DATA PROVIDED:
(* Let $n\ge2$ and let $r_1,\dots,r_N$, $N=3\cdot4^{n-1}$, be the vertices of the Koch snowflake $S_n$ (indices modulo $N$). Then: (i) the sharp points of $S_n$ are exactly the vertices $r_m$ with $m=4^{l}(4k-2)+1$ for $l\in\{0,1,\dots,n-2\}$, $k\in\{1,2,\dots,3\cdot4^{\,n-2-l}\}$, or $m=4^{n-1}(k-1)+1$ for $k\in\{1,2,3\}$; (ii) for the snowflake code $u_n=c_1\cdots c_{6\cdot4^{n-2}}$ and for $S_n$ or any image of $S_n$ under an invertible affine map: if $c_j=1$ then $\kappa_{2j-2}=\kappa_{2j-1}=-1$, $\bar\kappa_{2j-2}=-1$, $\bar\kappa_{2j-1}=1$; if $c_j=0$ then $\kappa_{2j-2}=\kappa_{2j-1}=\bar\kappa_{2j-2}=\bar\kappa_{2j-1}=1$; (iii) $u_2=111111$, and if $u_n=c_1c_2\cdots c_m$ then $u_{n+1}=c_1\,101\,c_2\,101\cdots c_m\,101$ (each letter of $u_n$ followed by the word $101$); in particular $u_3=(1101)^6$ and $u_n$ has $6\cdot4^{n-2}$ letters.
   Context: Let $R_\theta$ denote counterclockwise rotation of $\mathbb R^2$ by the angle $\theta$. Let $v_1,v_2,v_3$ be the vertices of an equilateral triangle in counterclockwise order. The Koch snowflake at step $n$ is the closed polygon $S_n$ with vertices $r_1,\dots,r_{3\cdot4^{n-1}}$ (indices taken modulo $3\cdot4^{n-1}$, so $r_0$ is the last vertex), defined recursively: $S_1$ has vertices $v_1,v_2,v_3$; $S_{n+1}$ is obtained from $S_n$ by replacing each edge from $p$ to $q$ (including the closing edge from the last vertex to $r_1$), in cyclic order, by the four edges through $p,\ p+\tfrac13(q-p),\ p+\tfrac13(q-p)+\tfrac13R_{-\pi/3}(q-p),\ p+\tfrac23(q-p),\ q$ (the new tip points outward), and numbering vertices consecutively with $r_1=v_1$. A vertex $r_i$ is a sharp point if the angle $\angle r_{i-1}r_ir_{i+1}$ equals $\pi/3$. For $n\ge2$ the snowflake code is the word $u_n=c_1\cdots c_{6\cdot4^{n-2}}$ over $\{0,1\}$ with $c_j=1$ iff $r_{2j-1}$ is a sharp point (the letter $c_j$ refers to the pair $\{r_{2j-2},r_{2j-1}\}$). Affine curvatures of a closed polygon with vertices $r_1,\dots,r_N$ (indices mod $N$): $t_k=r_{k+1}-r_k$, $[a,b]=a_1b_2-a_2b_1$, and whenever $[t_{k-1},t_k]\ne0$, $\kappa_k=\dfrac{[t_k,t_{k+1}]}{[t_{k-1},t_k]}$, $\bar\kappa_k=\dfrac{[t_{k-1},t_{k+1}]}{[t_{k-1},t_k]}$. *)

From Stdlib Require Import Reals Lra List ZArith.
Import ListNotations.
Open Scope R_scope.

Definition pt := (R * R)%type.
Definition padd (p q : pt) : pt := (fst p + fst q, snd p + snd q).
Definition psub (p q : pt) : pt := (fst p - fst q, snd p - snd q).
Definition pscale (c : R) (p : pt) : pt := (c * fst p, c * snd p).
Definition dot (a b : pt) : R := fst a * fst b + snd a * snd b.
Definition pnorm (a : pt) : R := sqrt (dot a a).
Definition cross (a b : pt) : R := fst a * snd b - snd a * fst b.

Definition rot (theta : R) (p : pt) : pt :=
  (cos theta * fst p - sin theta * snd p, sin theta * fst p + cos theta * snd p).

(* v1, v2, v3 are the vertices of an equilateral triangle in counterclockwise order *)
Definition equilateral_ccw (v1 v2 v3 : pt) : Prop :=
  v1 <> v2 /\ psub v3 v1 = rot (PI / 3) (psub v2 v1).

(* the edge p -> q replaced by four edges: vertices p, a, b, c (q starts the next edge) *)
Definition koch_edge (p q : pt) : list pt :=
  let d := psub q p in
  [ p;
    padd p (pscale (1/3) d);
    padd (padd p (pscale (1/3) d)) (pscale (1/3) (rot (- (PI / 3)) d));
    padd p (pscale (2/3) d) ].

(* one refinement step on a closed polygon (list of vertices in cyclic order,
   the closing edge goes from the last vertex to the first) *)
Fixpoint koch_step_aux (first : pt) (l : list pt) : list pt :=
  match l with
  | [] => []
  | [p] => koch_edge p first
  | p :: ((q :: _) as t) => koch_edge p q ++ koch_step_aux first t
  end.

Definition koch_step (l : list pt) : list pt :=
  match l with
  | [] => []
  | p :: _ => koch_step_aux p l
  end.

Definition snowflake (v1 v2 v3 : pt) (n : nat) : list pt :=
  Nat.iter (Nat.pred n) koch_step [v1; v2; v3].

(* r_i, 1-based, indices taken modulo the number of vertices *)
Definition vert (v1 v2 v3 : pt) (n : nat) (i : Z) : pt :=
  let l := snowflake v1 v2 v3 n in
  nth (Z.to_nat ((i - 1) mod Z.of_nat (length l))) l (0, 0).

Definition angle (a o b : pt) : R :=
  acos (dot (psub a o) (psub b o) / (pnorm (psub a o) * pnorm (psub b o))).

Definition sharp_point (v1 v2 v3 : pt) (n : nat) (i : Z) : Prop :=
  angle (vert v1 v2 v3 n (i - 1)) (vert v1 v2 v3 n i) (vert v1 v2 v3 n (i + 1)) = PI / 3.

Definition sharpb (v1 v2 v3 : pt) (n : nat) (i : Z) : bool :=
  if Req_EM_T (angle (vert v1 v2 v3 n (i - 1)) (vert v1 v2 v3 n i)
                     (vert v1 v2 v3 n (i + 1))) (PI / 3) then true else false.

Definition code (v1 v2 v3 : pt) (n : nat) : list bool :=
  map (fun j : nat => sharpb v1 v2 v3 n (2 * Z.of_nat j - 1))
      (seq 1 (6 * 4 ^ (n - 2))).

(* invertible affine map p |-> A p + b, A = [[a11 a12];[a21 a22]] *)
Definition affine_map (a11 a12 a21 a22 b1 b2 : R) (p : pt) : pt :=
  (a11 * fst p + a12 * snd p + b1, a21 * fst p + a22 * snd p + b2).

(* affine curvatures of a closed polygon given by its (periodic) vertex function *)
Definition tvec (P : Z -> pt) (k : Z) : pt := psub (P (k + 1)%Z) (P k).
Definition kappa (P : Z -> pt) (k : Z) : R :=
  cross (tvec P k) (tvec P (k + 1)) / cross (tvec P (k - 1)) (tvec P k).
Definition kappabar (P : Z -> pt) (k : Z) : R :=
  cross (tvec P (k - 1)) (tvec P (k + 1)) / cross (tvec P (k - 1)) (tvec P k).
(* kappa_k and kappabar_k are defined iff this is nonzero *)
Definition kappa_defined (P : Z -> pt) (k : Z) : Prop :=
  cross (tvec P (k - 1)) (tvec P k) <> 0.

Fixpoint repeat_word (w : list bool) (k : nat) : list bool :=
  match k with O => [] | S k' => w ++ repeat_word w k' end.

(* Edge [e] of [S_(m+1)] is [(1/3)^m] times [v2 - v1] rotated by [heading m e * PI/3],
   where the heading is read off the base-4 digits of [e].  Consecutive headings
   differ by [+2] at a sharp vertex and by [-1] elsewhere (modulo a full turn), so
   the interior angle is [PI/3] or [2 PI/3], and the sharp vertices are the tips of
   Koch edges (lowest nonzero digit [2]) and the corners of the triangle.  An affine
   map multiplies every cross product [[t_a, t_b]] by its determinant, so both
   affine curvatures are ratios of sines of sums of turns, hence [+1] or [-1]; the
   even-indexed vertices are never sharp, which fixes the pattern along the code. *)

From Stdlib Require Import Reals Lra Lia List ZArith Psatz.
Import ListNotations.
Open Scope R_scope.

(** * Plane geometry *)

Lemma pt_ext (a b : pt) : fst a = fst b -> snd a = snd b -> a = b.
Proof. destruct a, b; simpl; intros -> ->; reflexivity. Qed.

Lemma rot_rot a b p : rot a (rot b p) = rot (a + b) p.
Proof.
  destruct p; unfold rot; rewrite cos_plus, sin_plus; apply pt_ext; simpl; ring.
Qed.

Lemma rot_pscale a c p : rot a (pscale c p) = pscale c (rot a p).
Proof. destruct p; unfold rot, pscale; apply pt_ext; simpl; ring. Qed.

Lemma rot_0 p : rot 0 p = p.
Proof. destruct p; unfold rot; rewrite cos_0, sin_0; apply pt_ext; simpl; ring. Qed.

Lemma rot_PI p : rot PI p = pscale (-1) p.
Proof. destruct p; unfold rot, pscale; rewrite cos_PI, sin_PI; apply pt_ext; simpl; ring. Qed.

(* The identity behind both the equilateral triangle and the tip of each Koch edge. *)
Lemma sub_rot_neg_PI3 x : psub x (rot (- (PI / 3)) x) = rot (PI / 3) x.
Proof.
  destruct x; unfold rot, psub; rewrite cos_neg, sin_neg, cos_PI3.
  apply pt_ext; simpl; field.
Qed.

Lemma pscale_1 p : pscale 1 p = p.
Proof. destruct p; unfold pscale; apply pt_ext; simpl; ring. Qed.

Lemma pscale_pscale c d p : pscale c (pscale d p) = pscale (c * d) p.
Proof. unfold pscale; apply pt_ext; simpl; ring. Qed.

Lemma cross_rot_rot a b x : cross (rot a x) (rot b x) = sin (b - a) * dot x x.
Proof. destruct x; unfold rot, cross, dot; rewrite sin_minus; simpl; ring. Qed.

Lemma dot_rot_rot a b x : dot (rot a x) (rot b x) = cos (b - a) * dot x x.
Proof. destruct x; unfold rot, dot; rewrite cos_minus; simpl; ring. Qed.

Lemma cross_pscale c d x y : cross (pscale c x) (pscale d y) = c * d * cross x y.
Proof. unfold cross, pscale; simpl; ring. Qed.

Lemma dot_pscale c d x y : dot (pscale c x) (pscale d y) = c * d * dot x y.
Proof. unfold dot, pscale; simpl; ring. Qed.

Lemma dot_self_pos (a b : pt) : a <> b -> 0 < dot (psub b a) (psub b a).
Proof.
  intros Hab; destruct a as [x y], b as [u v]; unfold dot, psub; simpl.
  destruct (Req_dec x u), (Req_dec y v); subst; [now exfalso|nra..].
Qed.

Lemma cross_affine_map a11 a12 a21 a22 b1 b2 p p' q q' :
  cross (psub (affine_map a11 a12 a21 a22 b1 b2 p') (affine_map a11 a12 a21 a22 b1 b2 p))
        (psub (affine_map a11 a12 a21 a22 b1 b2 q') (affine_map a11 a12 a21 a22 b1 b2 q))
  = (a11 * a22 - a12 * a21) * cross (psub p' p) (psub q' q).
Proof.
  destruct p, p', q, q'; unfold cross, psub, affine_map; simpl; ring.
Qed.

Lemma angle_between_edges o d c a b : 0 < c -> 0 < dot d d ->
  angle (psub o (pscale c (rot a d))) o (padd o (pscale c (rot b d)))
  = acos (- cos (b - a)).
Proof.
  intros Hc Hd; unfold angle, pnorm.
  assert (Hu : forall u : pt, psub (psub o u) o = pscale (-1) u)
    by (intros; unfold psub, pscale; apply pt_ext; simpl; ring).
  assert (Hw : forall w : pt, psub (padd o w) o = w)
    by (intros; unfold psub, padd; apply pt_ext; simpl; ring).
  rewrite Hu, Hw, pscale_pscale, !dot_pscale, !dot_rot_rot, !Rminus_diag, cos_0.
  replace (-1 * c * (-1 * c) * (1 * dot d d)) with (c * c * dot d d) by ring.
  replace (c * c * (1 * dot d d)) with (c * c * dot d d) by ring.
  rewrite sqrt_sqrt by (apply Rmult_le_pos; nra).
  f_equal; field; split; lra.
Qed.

THE TASK: Across the whole listing above, find every line with the string "heading" and copy it.

COMPLETED EXERCISE:
(* Edge [e] of [S_(m+1)] is [(1/3)^m] times [v2 - v1] rotated by [heading m e * PI/3],
   where the heading is read off the base-4 digits of [e].  Consecutive headings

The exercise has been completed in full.